- _AIM OF THE TASK_
Once you have counted the lines below that contain "boolP", give that number and nothing else.

- _EXTRACTED DATA_
Definition mutually_independent (d : measure_display) (T : measurableType d)
  (R : realType) (P : probability T R) (N : nat) (S : {set 'I_N})
  (X : 'I_N -> T -> R) : Prop :=
  forall (J : {set 'I_N}) (A : 'I_N -> set R),
    J \subset S -> (forall i, measurable (A i)) ->
    P (\big[setI/setT]_(i in J) (X i @^-1` A i)) =
    (\prod_(i in J) P (X i @^-1` A i))%E.

Definition mech_event (T : Type) (R : realType) (N : nat) (Rg : Type)
  (f : N.-tuple R -> Rg) (S : {set 'I_N}) (X : 'I_N -> T -> R)
  (x : N.-tuple R) (y : Rg) : set T :=
  [set w | f (shift_on S x (fun i => X i w)) = y].

(* Write b = s / eps. On the event A(x) = y, the dominating set provides a
   shift a of the noise, depending only on y and x' - x, with ||a||_1 <= s, that
   turns the output of A on x into the output of A on x'.  Hence
   Pr[A(x) = y] <= Pr[noise + a lands in the event "A(x') = y"].  Translating a
   single Laplace coordinate by t multiplies probabilities by at most
   exp(|t| / b), because the density ratio is bounded so by the triangle
   inequality.  By independence the joint law of the noise is the product of the
   law of one coordinate with the law of the others, so Fubini lets us translate
   the coordinates one at a time, for a total factor exp(||a||_1 / b) <= exp(eps). *)

From HB Require Import structures.
From mathcomp Require Import all_boot all_order all_algebra.
From mathcomp Require Import all_classical all_reals all_analysis.
From mathcomp Require Import measurable_realfun ring lra.
Import Order.TTheory GRing.Theory Num.Theory.
Local Open Scope classical_set_scope.
Local Open Scope ring_scope.
Set Implicit Arguments. Unset Strict Implicit. Unset Printing Implicit Defensive.

(* The measure instance that HB attaches to [pushforward m f], given
   [mf : measurable_fun setT f]. *)
Local Notation pushforward_measure m mf :=
  (measure_function_pushforward__canonical__measure_function_Measure m mf).

Section lebesgue_translation.
Context (R : realType).
Local Notation mu := (@lebesgue_measure R).

Lemma measurable_addr (t : R) :
  measurable_fun (T := measurableTypeR R) (U := measurableTypeR R) setT
    (fun u : R => u + t).
Proof. exact: measurable_funD. Qed.

Lemma lebesgue_measure_addr (t : R) (A : set R) : measurable A ->
  mu ((fun u => u + t) @^-1` A) = mu A.
Proof.
move=> mA; apply/esym.
apply: (@lebesgue_measure_unique R (pushforward_measure mu (measurable_addr t)))
  => // _ [[a c] _ <-] /=.
rewrite /pushforward.
have -> : (fun u => u + t) @^-1` `]a, c] = `]a - t, c - t]%classic.
  by apply/seteqP; split => u /=; rewrite !in_itv /= ltrBlDr lerBrDr.
rewrite !lebesgue_measure_itv /= !lte_fin ltrD2r.
by case: ifP => // _; rewrite -!EFinD; congr (_%:E); ring.
Qed.

Lemma ge0_integral_addr_preimage (t : R) (C : set R) (h : R -> \bar R) :
  measurable C -> measurable_fun setT h -> (forall u, (0 <= h u)%E) ->
  (\int[mu]_(u in (fun u => u + t)%R @^-1` C) h u =
   \int[mu]_(v in C) h (v - t)%R)%E.
Proof.
move=> mC mh h0.
transitivity (\int[@pushforward _ _ (measurableTypeR R) (measurableTypeR R) _
    mu (fun u : R => u + t)%R]_(v in C) h (v - t)%R)%E.
  symmetry; etransitivity.
    apply: (@ge0_integral_pushforward _ _ _ _ R _ (measurable_addr t) mu C
      (fun v => h (v - t)%R) mC).
    - apply: measurable_funTS; apply: measurableT_comp mh _.
      exact: measurable_funB.
    - by move=> v _; exact: h0.
  by apply: eq_integral => u _ /=; rewrite addrK.
rewrite (eq_measure_integral mu) //; last first.
  by move=> mf A mA _; rewrite /= /pushforward; exact: lebesgue_measure_addr.
exact: measurable_addr.
Qed.

End lebesgue_translation.

Section laplace.
Context (R : realType) (b : R).
Hypothesis b_gt0 : 0 < b.

Lemma measurable_laplace_pdf : measurable_fun setT (laplace_pdf b).
Proof.
apply: measurable_funM => //; apply: measurableT_comp => //.
by apply: measurable_funM => //; apply: measurable_funN; exact: normr_measurable.
Qed.

Lemma laplace_pdf_ge0 (t : R) : 0 <= laplace_pdf b t.
Proof. by rewrite /laplace_pdf mulr_ge0 ?expR_ge0 // invr_ge0 mulr_ge0 // ltW. Qed.

Lemma laplace_pdf_subr_le (t v : R) :
  laplace_pdf b (v - t) <= expR (`|t| / b) * laplace_pdf b v.
Proof.
rewrite /laplace_pdf mulrCA ler_wpM2l //; first by rewrite invr_ge0 mulr_ge0 // ltW.
rewrite -expRD ler_expR -mulrDl ler_pM2r ?invr_gt0 //.
have : `|v| <= `|v - t| + `|t| by rewrite -[X in `|X|](subrK t v) ler_normD.
lra.
Qed.

Lemma laplace_preimage_addr_le d (T : measurableType d) (P : probability T R)
    (Y : T -> R) (t : R) (C : set R) :
  is_laplace P b Y -> measurable C ->
  (P (Y @^-1` ((fun u => u + t)%R @^-1` C)) <=
    (expR (`|t| / b))%:E * P (Y @^-1` C))%E.
Proof.
move=> [mY lawY] mC.
have mCt : measurable ((fun u => u + t)%R @^-1` C).
  by rewrite -[X in measurable X]setTI; exact: measurable_addr.
have mpdf : measurable_fun setT (fun u => (laplace_pdf b u)%:E).
  by apply/measurable_EFinP; exact: measurable_laplace_pdf.
rewrite (lawY _ mCt) (lawY _ mC) ge0_integral_addr_preimage //; last first.
  by move=> u; rewrite lee_fin laplace_pdf_ge0.
rewrite -ge0_integralZl_EFin ?expR_ge0 //; last 2 first.
- by move=> v _; rewrite lee_fin laplace_pdf_ge0.
- exact: measurable_funTS.
apply: ge0_le_integral => //.
- by move=> v _; rewrite lee_fin laplace_pdf_ge0.
- apply/measurable_EFinP; apply: measurable_funTS.
  by apply: measurableT_comp; [exact: measurable_laplace_pdf|exact: measurable_funB].
- apply/measurable_EFinP; apply: measurable_funTS.
  by apply: measurable_funM => //; exact: measurable_laplace_pdf.
- by move=> v _; rewrite lee_fin laplace_pdf_subr_le.
Qed.

End laplace.

Section product_measure_translation.
Local Open Scope ereal_scope.
Context d (T1 : measurableType d) (R : realType).

Lemma measurable_addr_snd (t : R) :
  measurable_fun setT (fun p : T1 * R => (p.1, p.2 + t)%R).
Proof.
apply: (measurable_fun_pair measurable_fst).
by apply: measurable_funD => //; exact: measurable_snd.
Qed.

Variables (m1 : {measure set T1 -> \bar R}) (m2 : {sigma_finite_measure set R -> \bar R}).

Lemma product_measure1_addr_le (t c : R) (Z : set (T1 * R)) : (0 <= c)%R ->
  (forall C, measurable C -> m2 ((fun u => u + t)%R @^-1` C) <= c%:E * m2 C) ->
  measurable Z ->
  (m1 \x m2) ((fun p => (p.1, p.2 + t)%R) @^-1` Z) <= c%:E * (m1 \x m2) Z.
Proof.
move=> c0 m2t mZ.
have mZt : measurable ((fun p => (p.1, p.2 + t)%R) @^-1` Z).
  by rewrite -[X in measurable X]setTI; exact: measurable_addr_snd.
rewrite /product_measure1 -ge0_integralZl_EFin //; last first.
  exact: measurable_fun_xsection.
apply: ge0_le_integral => //.
- exact: measurable_fun_xsection.
- by apply: measurable_funeM; exact: measurable_fun_xsection.
move=> p _ /=.
have -> : xsection ((fun p => (p.1, p.2 + t)%R) @^-1` Z) p =
    (fun u => u + t)%R @^-1` xsection Z p.
  by apply/seteqP; split => u; rewrite /xsection /= !inE.
by apply: m2t; exact: measurable_xsection.
Qed.

End product_measure_translation.

Lemma big_setIP (I : finType) (J : pred I) (U : Type) (F : I -> set U) (u : U) :
  (\big[setI/setT]_(i | J i) F i) u <-> (forall i, J i -> F i u).
Proof.
split; first by move=> FJu i Ji; move: FJu; rewrite (bigD1 i) //= => -[].
by move=> FJu; apply: (big_ind (fun V : set U => V u)).
Qed.

Section tuple_measurable.
Context (R : realType) (N : nat).

Lemma measurable_mktuple d (U : measurableType d) (F : 'I_N -> U -> R) :
  (forall i, measurable_fun setT (F i)) ->
  measurable_fun setT (fun w => [tuple F i w | i < N]).
Proof.
move=> mF; apply/measurable_fun_tnthP => i.
rewrite (_ : _ \o _ = F i) //; apply/funext => w /=.
by rewrite tnth_mktuple.
Qed.

Definition translate (z : N.-tuple R) (a : 'I_N -> R) : N.-tuple R :=
  [tuple tnth z i + a i | i < N].

Lemma measurable_translate (a : 'I_N -> R) :
  measurable_fun setT (translate ^~ a).
Proof.
apply: measurable_mktuple => i; apply: measurable_funD => //.
exact: measurable_tnth.
Qed.

Definition restrict_to (s : seq 'I_N) (a : 'I_N -> R) (i : 'I_N) : R :=
  if i \in s then a i else 0.

Lemma translate_restrict_nil (z : N.-tuple R) (a : 'I_N -> R) :
  translate z (restrict_to [::] a) = z.
Proof. by apply: eq_from_tnth => i; rewrite tnth_mktuple addr0. Qed.

Lemma translate_restrict_cons (z : N.-tuple R) (a : 'I_N -> R) j s : j \notin s ->
  translate z (restrict_to (j :: s) a) =
  translate (translate z (restrict_to [:: j] a)) (restrict_to s a).
Proof.
move=> js; apply: eq_from_tnth => i; rewrite !tnth_mktuple /restrict_to !inE.
by case: eqVneq => [->|_] /=; rewrite ?(negbTE js) ?addr0.
Qed.

Definition splice (j : 'I_N) (p : N.-tuple R * R) : N.-tuple R :=
  [tuple if i == j then p.2 else tnth p.1 i | i < N].

Lemma measurable_splice j : measurable_fun setT (splice j).
Proof.
apply: measurable_mktuple => i; case: (i == j); first exact: measurable_snd.
exact: measurableT_comp (measurable_tnth i) measurable_fst.
Qed.

Definition box (A : 'I_N -> set R) : set (N.-tuple R) :=
  [set z | forall i, A i (tnth z i)].

Definition boxes : set (set (N.-tuple R)) :=
  [set B | exists2 A : 'I_N -> set R, (forall i, measurable (A i)) & B = box A].

Lemma box_bigsetI (A : 'I_N -> set R) :
  box A = \big[setI/setT]_i ((fun z : N.-tuple R => tnth z i) @^-1` A i).
Proof.
by apply/seteqP; split => z; [move=> Az; apply/big_setIP => i _; exact: Az
  |move/big_setIP => Az i; exact: Az].
Qed.

Lemma measurable_boxes : @measurable _ (N.-tuple R) = <<s boxes >>.
Proof.
apply/seteqP; split.
  apply: smallest_sub; first exact: smallest_sigma_algebra.
  move=> B; rewrite -bigcup_seq /= => -[i _ [Y mY <-]].
  apply: sub_sigma_algebra.
  exists (fun k => if k == i then Y else setT); first by move=> k; case: ifP.
  apply/seteqP; split => z /=; first by move=> [_ Yz] k; case: ifP => // /eqP ->.
  by move=> Az; split => //; have := Az i; rewrite eqxx.
apply: smallest_sub; first exact: sigma_algebra_measurable.
move=> _ [A mA ->]; rewrite box_bigsetI.
apply: big_ind => //; first by move=> ? ? ? ?; exact: measurableI.
by move=> i _; rewrite -[X in measurable X]setTI; exact: measurable_tnth.
Qed.

Lemma setI_closed_boxes : setI_closed boxes.
Proof.
move=> _ _ [A mA ->] [B mB ->].
exists (fun i => A i `&` B i); first by move=> i; exact: measurableI.
apply/seteqP; split => z /=; first by move=> [Az Bz] i; split.
by move=> ABz; split => i; case: (ABz i).
Qed.

End tuple_measurable.

Section independence.
Context (R : realType) (N : nat) (d : measure_display) (T : measurableType d)
  (P : probability T R) (S : {set 'I_N}) (X : 'I_N -> T -> R).
Hypothesis mX : forall i, i \in S -> measurable_fun setT (X i).
Hypothesis indepX : mutually_independent P S X.

Definition noise_but (j : 'I_N) (w : T) : N.-tuple R :=
  [tuple if (i \in S) && (i != j) then X i w else 0 | i < N].

Lemma measurable_noise_but j : measurable_fun setT (noise_but j).
Proof.
apply: measurable_mktuple => i.
by case: (boolP (_ && _)) => [/andP[/mX]|_] //; exact: measurable_cst.
Qed.

Lemma noise_but_boxE j (A : 'I_N -> set R) :
  (forall i, ~~ ((i \in S) && (i != j)) -> A i 0) ->
  noise_but j @^-1` box A = \big[setI/setT]_(i in S :\ j) (X i @^-1` A i).
Proof.
move=> A0; apply/seteqP; split => w.
  move=> Aw; apply/big_setIP => i; rewrite in_setD1 => /andP[ij iS].
  by have := Aw i; rewrite /= tnth_mktuple iS ij.
move/big_setIP => Aw i; rewrite /= tnth_mktuple.
case: (boolP (_ && _)) => [|/A0 //]; rewrite andbC => iSj.
by apply: Aw; rewrite in_setD1.
Qed.

Lemma noise_but_box_indep j (A : 'I_N -> set R) (C : set R) : j \in S ->
  (forall i, measurable (A i)) -> measurable C ->
  P (noise_but j @^-1` box A `&` X j @^-1` C) =
  (P (noise_but j @^-1` box A) * P (X j @^-1` C))%E.
Proof.
move=> jS mA mC.
have [A0|] := pselect (forall i, ~~ ((i \in S) && (i != j)) -> A i 0); last first.
  move=> /existsNP[i /not_implyP[iSj nA0]].
  rewrite (_ : _ @^-1` _ = set0) ?set0I ?measure0 ?mul0e //.
  by apply/seteqP; split => // w /(_ i); rewrite /= tnth_mktuple (negbTE iSj).
pose A' i := if i == j then C else A i.
have mA' i : measurable (A' i) by rewrite /A'; case: ifP.
have A'E (V : Type) (idx : V) (op : Monoid.com_law idx) (G : 'I_N -> set R -> V) :
    \big[op/idx]_(i in S :\ j) G i (A' i) = \big[op/idx]_(i in S :\ j) G i (A i).
  by apply: eq_bigr => i; rewrite /A' in_setD1 => /andP[/negbTE ->].
have := indepX (subxx S) mA'.
rewrite (big_setD1 j) // [in RHS](big_setD1 j) // /A' eqxx -/A'.
rewrite (A'E _ _ _ (fun i B => X i @^-1` B)) (A'E _ _ _ (fun i B => P (X i @^-1` B))).
rewrite -(indepX (subD1set S j) mA) -noise_but_boxE // => indepA'.
by rewrite setIC muleC; exact: indepA'.
Qed.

- _SOLUTION TO THIS TASK_
2